» What you have to do
Starting with the line that contains "F (locally 0)." and stopping after the line that contains "pose proof (proj1 (filterlim_locally _ _) Hg", copy the entries below exactly. Include nothing else.
_ _ _
(* Let $n\ge1$ and $\gamma=1$ (so $\beta=2$). There exist no $\ell,R>0$ and $U:[0,R]\to[0,\infty)$, continuous on $[0,R]$ and $C^2$ on $[0,R)$, such that $$U''+\Big(\frac{n-1}{r}-\frac r2\Big)U'+U=1\ \text{ in }(0,R),\quad U(0)=\ell,\ U'(0)=0,\quad U(R)=0,\ (U^{1/2})'(R)=-\frac{\sqrt2}{2}.$$
   Context: $(U^{1/2})'(R)$ is the left derivative at $R$, i.e. $\lim_{r\uparrow R}U^{1/2}(r)/(r-R)$. *)

From Stdlib Require Import Reals.
From Coquelicot Require Import Coquelicot.
Open Scope R_scope.

Definition is_right_derive (f : R -> R) (x l : R) : Prop :=
  filterlim (fun h => (f (x + h) - f x) / h) (at_right 0) (locally l).

Definition C2_on_0R (U U1 U2 : R -> R) (Rr : R) : Prop :=
  (forall r, 0 < r < Rr -> is_derive U r (U1 r) /\ is_derive U1 r (U2 r)) /\
  is_right_derive U 0 (U1 0) /\ is_right_derive U1 0 (U2 0) /\
  (forall r, 0 <= r < Rr ->
     filterlim U2 (within (fun x => 0 <= x < Rr) (locally r)) (locally (U2 r))).

Definition cont_on_0R (U : R -> R) (Rr : R) : Prop :=
  forall r, 0 <= r <= Rr ->
    filterlim U (within (fun x => 0 <= x <= Rr) (locally r)) (locally (U r)).

From Stdlib Require Import Reals Lra.
From Coquelicot Require Import Coquelicot.
Open Scope R_scope.

(* [U - 1] and [phi r = r ^ 2 - 2 N] both solve the homogeneous equation
   [V'' + ((N - 1) / r - r / 2) V' + V = 0], so by Abel's identity
   [r ^ (N - 1) exp (- r ^ 2 / 4)] times their Wronskian
   [W = (U - 1) phi' - phi U'] is constant on (0, R).  As r -> 0+, W -> 0
   because [U'(0) = phi'(0) = 0], while the weight stays bounded since N >= 1;
   hence W = 0 on (0, R).  The boundary condition at R forces
   [U r <= C (R - r) ^ 2], so by the mean value theorem there are points near R
   where U and U' are both small, and there [W ~ -2 R < 0]. *)

Lemma ball_Rabs (x e y : R) : ball x e y -> Rabs (y - x) < e.
Proof. exact (fun H => H). Qed.

Lemma Rabs_ball (x e y : R) : Rabs (y - x) < e -> ball x e y.
Proof. exact (fun H => H). Qed.

Lemma at_right_interval (a : R) (P : R -> Prop) :
  at_right a P <-> exists d, 0 < d /\ forall y, a < y < a + d -> P y.
Proof.
split.
- intros [d Hd]. exists d. split; [apply cond_pos|].
  intros y Hy. apply Hd; [apply Rabs_ball; rewrite Rabs_pos_eq|]; lra.
- intros [d [Hd0 Hd]]. exists (mkposreal d Hd0). intros y Hy Hay.
  apply ball_Rabs, Rabs_lt_between in Hy. simpl in Hy. apply Hd. lra.
Qed.

Lemma at_left_interval (b : R) (P : R -> Prop) :
  at_left b P <-> exists d, 0 < d /\ forall y, b - d < y < b -> P y.
Proof.
split.
- intros [d Hd]. exists d. split; [apply cond_pos|].
  intros y Hy. apply Hd; [apply Rabs_ball; rewrite Rabs_left|]; lra.
- intros [d [Hd0 Hd]]. exists (mkposreal d Hd0). intros y Hy Hyb.
  apply ball_Rabs, Rabs_lt_between in Hy. simpl in Hy. apply Hd. lra.
Qed.

Section Limits.

Context {T : Type} {F : (T -> Prop) -> Prop} {FF : Filter F}.

Lemma filterlim_Rmult_fun (f g : T -> R) (a b : R) :
  filterlim f F (locally a) -> filterlim g F (locally b) ->
  filterlim (fun t => f t * g t) F (locally (a * b)).
Proof. intros Hf Hg. exact (filterlim_comp_2 _ _ _ Hf Hg (filterlim_mult a b)). Qed.

Lemma filterlim_Rminus_fun (f g : T -> R) (a b : R) :
  filterlim f F (locally a) -> filterlim g F (locally b) ->
  filterlim (fun t => f t - g t) F (locally (a - b)).
Proof.
intros Hf Hg.
apply (filterlim_comp_2 _ _ _ Hf (filterlim_comp _ _ _ g opp _ _ _ Hg (filterlim_opp b))
         (filterlim_plus a (- b))).
Qed.

Lemma filterlim_bounded_mult_0 (f g : T -> R) (M : R) :
  F (fun t => Rabs (f t) <= M) -> filterlim g F (locally 0) ->
  filterlim (fun t => f t * g t) F (locally 0).
Proof.
intros HM Hg. apply filterlim_locally. intros eps.
assert (HM1 : 0 < Rabs M + 1) by (pose proof (Rabs_pos M); lra).
assert (Heps : 0 < eps / (Rabs M + 1)) by (apply Rdiv_lt_0_compat; [apply cond_pos | lra]).
pose proof (proj1 (filterlim_locally _ _) Hg (mkposreal _ Heps)) as Hsmall.
generalize (filter_and _ _ HM Hsmall). apply filter_imp.
intros t [Hft Hgt]. apply ball_Rabs in Hgt. apply Rabs_ball. simpl in *.
rewrite Rminus_0_r in *. rewrite Rabs_mult.
pose proof (Rle_abs M). pose proof (Rabs_pos (g t)). pose proof (Rabs_pos (f t)).
apply Rle_lt_trans with (Rabs (g t) * (Rabs M + 1)); [nra|].
apply Rlt_div_r; lra.
Qed.

End Limits.

Lemma continuous_at_right (f : R -> R) (x : R) :
  continuous f x -> filterlim f (at_right x) (locally (f x)).
Proof. intros Hf. exact (filterlim_filter_le_1 _ (filter_le_within _) Hf). Qed.

Lemma right_derive_at_right (f : R -> R) (x l : R) :
  is_right_derive f x l -> filterlim f (at_right x) (locally (f x)).
Proof.
intros Hf. apply filterlim_locally. intros eps.
pose proof (proj1 (filterlim_locally _ _) Hf (mkposreal 1 Rlt_0_1)) as Hq.
apply at_right_interval in Hq as [d [Hd Hq]].
assert (Hl : 0 < Rabs l + 1) by (pose proof (Rabs_pos l); lra).
apply at_right_interval.
exists (Rmin d (eps / (Rabs l + 1))). split.
{ apply Rmin_glb_lt; [lra | apply Rdiv_lt_0_compat; [apply cond_pos | lra]]. }
intros y Hy.
pose proof (Rmin_l d (eps / (Rabs l + 1))). pose proof (Rmin_r d (eps / (Rabs l + 1))).
specialize (Hq (y - x) ltac:(lra)). apply ball_Rabs in Hq. simpl in Hq.
replace (x + (y - x)) with y in Hq by ring.
set (q := (f y - f x) / (y - x)) in Hq.
assert (Hfy : f y - f x = q * (y - x)) by (unfold q; field; lra).
assert (Hqb : Rabs q < Rabs l + 1) by (pose proof (Rabs_triang_inv q l); lra).
apply Rabs_ball. rewrite Hfy, Rabs_mult, (Rabs_pos_eq (y - x)) by lra.
apply Rle_lt_trans with ((Rabs l + 1) * (y - x)); [pose proof (Rabs_pos q); nra|].
rewrite Rmult_comm. apply Rlt_div_r; lra.
Qed.

Definition radial_weight (N r : R) : R := exp ((N - 1) * ln r - r ^ 2 / 4).

Definition radial_wronskian (N : R) (U U1 : R -> R) (r : R) : R :=
  (U r - 1) * (2 * r) - (r ^ 2 - 2 * N) * U1 r.

Lemma radial_wronskian_first_integral (N : R) (U U1 U2 : R -> R) (r : R) :
  0 < r -> is_derive U r (U1 r) -> is_derive U1 r (U2 r) ->
  U2 r + ((N - 1) / r - r / 2) * U1 r + U r = 1 ->
  is_derive (fun t => radial_weight N t * radial_wronskian N U U1 t) r 0.
Proof.
intros Hr HU HU1 Hode.
unfold radial_weight, radial_wronskian.
auto_derive.
- repeat split; [lra | exists (U1 r) | exists (U2 r)]; assumption.
- replace (Derive (fun x => U x) r) with (U1 r)
    by (symmetry; exact (is_derive_unique _ _ _ HU)).
  replace (Derive (fun x => U1 x) r) with (U2 r)
    by (symmetry; exact (is_derive_unique _ _ _ HU1)).
  replace (U2 r) with (1 - U r - ((N - 1) / r - r / 2) * U1 r) by lra.
  field. lra.
Qed.

Lemma radial_weight_bounds (N r : R) : 1 <= N -> 0 < r < 1 -> 0 < radial_weight N r < 1.
Proof.
intros HN Hr. split; [apply exp_pos|].
rewrite <- exp_0. apply exp_increasing.
assert (ln r < 0) by (rewrite <- ln_1; apply ln_increasing; lra).
nra.
Qed.

Lemma is_derive_0_constant (f : R -> R) (a b : R) :
  (forall x, a < x < b -> is_derive f x 0) ->
  forall x y, a < x < b -> a < y < b -> f x = f y.
Proof.
intros Hf x y Hx Hy.
assert (Hmin : a < Rmin x y) by (apply Rmin_glb_lt; lra).
assert (Hmax : Rmax x y < b) by (apply Rmax_lub_lt; lra).
destruct (MVT_gen f x y (fun _ => 0)) as [c [_ Hc]].
- intros t Ht. apply Hf. lra.
- intros t Ht. apply continuity_pt_filterlim, (ex_derive_continuous (V := R_NormedModule)).
  exists 0. apply Hf. lra.
- lra.
Qed.

Lemma radial_wronskian_at_right_0 (N : R) (U U1 : R -> R) (u0 : R) :
  filterlim U (at_right 0) (locally u0) -> filterlim U1 (at_right 0) (locally 0) ->
  filterlim (radial_wronskian N U U1) (at_right 0) (locally 0).
Proof.
intros HU HU1.
assert (Hlin : filterlim (fun r => 2 * r) (at_right 0) (locally (2 * 0))).
{ apply (continuous_at_right (fun r => 2 * r)), (ex_derive_continuous (V := R_NormedModule)).
  auto_derive. exact I. }
assert (Hphi : filterlim (fun r => r ^ 2 - 2 * N) (at_right 0) (locally (0 ^ 2 - 2 * N))).
{ apply (continuous_at_right (fun r => r ^ 2 - 2 * N)),
    (ex_derive_continuous (V := R_NormedModule)).
  auto_derive. exact I. }
replace 0 with ((u0 - 1) * (2 * 0) - (0 ^ 2 - 2 * N) * 0) at 2 by ring.
apply filterlim_Rminus_fun; apply filterlim_Rmult_fun; try assumption.
apply filterlim_Rminus_fun; [exact HU | apply filterlim_const].
Qed.

Lemma cont_on_0R_at_right_0 (U : R -> R) (Rr : R) :
  0 < Rr -> cont_on_0R U Rr -> filterlim U (at_right 0) (locally (U 0)).
Proof.
intros HR HU. specialize (HU 0 ltac:(lra)).
apply (filterlim_filter_le_1 (F := within (fun x => 0 <= x <= Rr) (locally 0))); [|exact HU].
intros P [d Hd]. apply at_right_interval.
exists (Rmin d Rr). split; [apply Rmin_glb_lt; [apply cond_pos | lra]|].
intros y Hy. pose proof (Rmin_l d Rr). pose proof (Rmin_r d Rr).
apply Hd; [apply Rabs_ball; rewrite Rabs_pos_eq|]; lra.
Qed.

Lemma radial_wronskian_vanishes (N Rr u0 : R) (U U1 U2 : R -> R) :
  1 <= N ->
  (forall r, 0 < r < Rr -> is_derive U r (U1 r) /\ is_derive U1 r (U2 r)) ->
  (forall r, 0 < r < Rr -> U2 r + ((N - 1) / r - r / 2) * U1 r + U r = 1) ->
  filterlim U (at_right 0) (locally u0) -> filterlim U1 (at_right 0) (locally 0) ->
  forall r, 0 < r < Rr -> radial_wronskian N U U1 r = 0.
Proof.
intros HN Hd Hode HU HU1 r Hr.
set (g := fun t => radial_weight N t * radial_wronskian N U U1 t).
assert (Hconst : forall s, 0 < s < Rr -> g s = g r).
{ intros s Hs. apply (is_derive_0_constant g 0 Rr); try assumption.
  intros t Ht. destruct (Hd t Ht).
  apply (radial_wronskian_first_integral N U U1 U2); auto; lra. }
assert (Hg0 : filterlim g (at_right 0) (locally 0)).
{ apply (filterlim_bounded_mult_0 _ _ 1).
  - apply at_right_interval. exists 1. split; [lra|]. intros t Ht.
    pose proof (radial_weight_bounds N t HN ltac:(lra)). rewrite Rabs_pos_eq; lra.
  - exact (radial_wronskian_at_right_0 N U U1 u0 HU HU1). }
assert (Hgr : filterlim g (at_right 0) (locally (g r))).
{ apply (filterlim_ext_loc (fun _ => g r)); [|apply filterlim_const].
  apply at_right_interval. exists Rr. split; [lra|].
  intros s Hs. symmetry. apply Hconst. lra. }
pose proof (filterlim_locally_unique _ _ _ Hgr Hg0) as Hgr0.
apply Rmult_integral in Hgr0 as [Hw | Hw]; [|exact Hw].
pose proof (exp_pos ((N - 1) * ln r - r ^ 2 / 4)). unfold radial_weight in Hw. lra.
Qed.

Lemma sqrt_quotient_at_left_bound (U : R -> R) (b L : R) :
  at_left b (fun r => 0 <= U r) ->
  filterlim (fun r => sqrt (U r) / (r - b)) (at_left b) (locally L) ->
  at_left b (fun r => 0 <= U r <= (Rabs L + 1) ^ 2 * (b - r) ^ 2).
Proof.
intros Hpos Hlim.
pose proof (proj1 (filterlim_locally _ _) Hlim (mkposreal 1 Rlt_0_1)) as Hq.
assert (Hlt : at_left b (fun r => r < b)).
{ apply at_left_interval. exists 1. split; [lra | intros; lra]. }
generalize (filter_and _ _ Hlt (filter_and _ _ Hpos Hq)). apply filter_imp.
intros r [Hr [HUr Hqr]]. apply ball_Rabs in Hqr. simpl in Hqr.
set (q := sqrt (U r) / (r - b)) in Hqr.
assert (Hs : sqrt (U r) = - q * (b - r)) by (unfold q; field; lra).
assert (Hqb : Rabs q < Rabs L + 1) by (pose proof (Rabs_triang_inv q L); lra).
split; [exact HUr|].
rewrite <- (sqrt_sqrt (U r) HUr), Hs.
replace (- q * (b - r) * (- q * (b - r))) with (Rabs q ^ 2 * (b - r) ^ 2)
  by (rewrite pow2_abs; ring).
pose proof (Rabs_pos q). pose proof (pow2_ge_0 (b - r)).
assert (Rabs q ^ 2 <= (Rabs L + 1) ^ 2) by nra.
nra.
Qed.

Lemma small_value_and_slope_at_left (U U1 : R -> R) (b K : R) :
  0 <= K ->
  at_left b (fun r => is_derive U r (U1 r) /\ 0 <= U r <= K * (b - r) ^ 2) ->
  forall eps, 0 < eps -> exists r, b - eps < r < b /\ U r <= eps /\ Rabs (U1 r) <= eps.
Proof.
intros HK Hnear eps Heps.
apply at_left_interval in Hnear as [d0 [Hd0 Hnear]].
assert (HepsK : 0 < eps / (2 * K + 1)) by (apply Rdiv_lt_0_compat; lra).
pose proof (Rmin_l (Rmin d0 eps) (Rmin 1 (eps / (2 * K + 1)))).
pose proof (Rmin_r (Rmin d0 eps) (Rmin 1 (eps / (2 * K + 1)))).
pose proof (Rmin_l d0 eps). pose proof (Rmin_r d0 eps).
pose proof (Rmin_l 1 (eps / (2 * K + 1))). pose proof (Rmin_r 1 (eps / (2 * K + 1))).
set (d := Rmin (Rmin d0 eps) (Rmin 1 (eps / (2 * K + 1))) / 2).
assert (Hd : 0 < d) by (apply Rdiv_lt_0_compat; [repeat apply Rmin_glb_lt |]; lra).
assert (Hdd0 : d < d0) by (unfold d; lra).
assert (Hdeps : d < eps) by (unfold d; lra).
assert (Hd1 : d <= 1) by (unfold d; lra).
assert (HdK : d * (2 * K + 1) <= eps) by (apply Rle_div_r; unfold d; lra).
destruct (MVT_gen U (b - d) (b - d / 2) U1) as [c [Hc HMVT]].
- intros x Hx. rewrite Rmin_left, Rmax_right in Hx by lra. apply Hnear. lra.
- intros x Hx. rewrite Rmin_left, Rmax_right in Hx by lra.
  apply continuity_pt_filterlim, (ex_derive_continuous (V := R_NormedModule)).
  exists (U1 x). apply Hnear. lra.
- rewrite Rmin_left, Rmax_right in Hc by lra.
  destruct (Hnear (b - d) ltac:(lra)) as [_ Hleft].
  destruct (Hnear (b - d / 2) ltac:(lra)) as [_ Hright].
  destruct (Hnear c ltac:(lra)) as [_ Hmid].
  assert (Hd2 : (b - c) ^ 2 <= d ^ 2) by (apply pow_incr; lra).
  exists c. split; [lra | split].
  + nra.
  + assert (Hslope : Rabs (U1 c) * (d / 2) <= K * d ^ 2).
    { rewrite <- (Rabs_pos_eq (d / 2)), <- Rabs_mult by lra.
      replace (b - d / 2 - (b - d)) with (d / 2) in HMVT by field.
      rewrite <- HMVT. apply Rabs_le.
      replace (b - (b - d)) with d in Hleft by ring.
      replace (b - (b - d / 2)) with (d / 2) in Hright by field.
      nra. }
    nra.
Qed.

Lemma radial_wronskian_neg_at_left (N b : R) (U U1 : R -> R) :
  0 <= N -> 0 < b ->
  (forall eps, 0 < eps -> exists r, b - eps < r < b /\ U r <= eps /\ Rabs (U1 r) <= eps) ->
  exists r, 0 < r < b /\ radial_wronskian N U U1 r < 0.
Proof.
intros HN Hb Hsmall.
assert (Hc : 0 < 2 * (b ^ 2 + 2 * N)) by nra.
assert (Hbc : 0 < b / (2 * (b ^ 2 + 2 * N))) by (apply Rdiv_lt_0_compat; lra).
pose proof (Rmin_l (Rmin (1 / 2) (b / 2)) (b / (2 * (b ^ 2 + 2 * N)))).
pose proof (Rmin_r (Rmin (1 / 2) (b / 2)) (b / (2 * (b ^ 2 + 2 * N)))).
pose proof (Rmin_l (1 / 2) (b / 2)). pose proof (Rmin_r (1 / 2) (b / 2)).
set (eps := Rmin (Rmin (1 / 2) (b / 2)) (b / (2 * (b ^ 2 + 2 * N)))) in *.
assert (Heps : 0 < eps) by (repeat apply Rmin_glb_lt; lra).
assert (Hepsb : eps * (2 * (b ^ 2 + 2 * N)) <= b) by (apply Rle_div_r; lra).
destruct (Hsmall eps Heps) as [r [Hr [HU HU1]]].
exists r. split; [lra|].
assert (Hphi : Rabs (r ^ 2 - 2 * N) <= b ^ 2 + 2 * N) by (apply Rabs_le; nra).
pose proof (Rle_abs (- ((r ^ 2 - 2 * N) * U1 r))) as Habs.
rewrite Rabs_Ropp, Rabs_mult in Habs.
pose proof (Rabs_pos (U1 r)). pose proof (Rabs_pos (r ^ 2 - 2 * N)).
unfold radial_wronskian. nra.
Qed.

Theorem lemma6p9 (n : nat) (hn : (1 <= n)%nat) :
  ~ exists (l Rr : R) (U U1 U2 : R -> R),
      0 < l /\ 0 < Rr /\
      (forall r, 0 <= r <= Rr -> 0 <= U r) /\
      cont_on_0R U Rr /\
      C2_on_0R U U1 U2 Rr /\
      (forall r, 0 < r < Rr ->
         U2 r + ((INR n - 1) / r - r / 2) * U1 r + U r = 1) /\
      U 0 = l /\ U1 0 = 0 /\
      U Rr = 0 /\
      filterlim (fun r => sqrt (U r) / (r - Rr)) (at_left Rr)
                (locally (- sqrt 2 / 2)).
Proof.
intros [l [Rr [U [U1 [U2 [_ [HR [Hpos [Hcont [[Hd [_ [HU1 _]]] [Hode [_ [HU10 [_ Hlim]]]]]]]]]]]]]].
assert (HN : 1 <= INR n) by exact (le_INR 1 n hn).
assert (Hwr : forall r, 0 < r < Rr -> radial_wronskian (INR n) U U1 r = 0).
{ apply (radial_wronskian_vanishes (INR n) Rr (U 0) U U1 U2); try assumption.
  - exact (cont_on_0R_at_right_0 U Rr HR Hcont).
  - pose proof (right_derive_at_right U1 0 _ HU1) as HU1lim.
    rewrite HU10 in HU1lim. exact HU1lim. }
set (K := (Rabs (- sqrt 2 / 2) + 1) ^ 2).
assert (Hnear : at_left Rr (fun r => is_derive U r (U1 r) /\ 0 <= U r <= K * (Rr - r) ^ 2)).
{ apply filter_and.
  - apply at_left_interval. exists Rr. split; [lra|]. intros r Hr. apply (Hd r). lra.
  - apply sqrt_quotient_at_left_bound; [|exact Hlim].
    apply at_left_interval. exists Rr. split; [lra|]. intros r Hr. apply Hpos. lra. }
destruct (radial_wronskian_neg_at_left (INR n) Rr U U1) as [r [Hr Hneg]]; [lra | lra | |].
- exact (small_value_and_slope_at_left U U1 Rr K (pow2_ge_0 _) Hnear).
- rewrite (Hwr r Hr) in Hneg. lra.
Qed.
_ _ _
» Task solution
  filterlim (fun t => f t * g t) F (locally 0).
Proof.
intros HM Hg. apply filterlim_locally. intros eps.
assert (HM1 : 0 < Rabs M + 1) by (pose proof (Rabs_pos M); lra).
assert (Heps : 0 < eps / (Rabs M + 1)) by (apply Rdiv_lt_0_compat; [apply cond_pos | lra]).
pose proof (proj1 (filterlim_locally _ _) Hg (mkposreal _ Heps)) as Hsmall.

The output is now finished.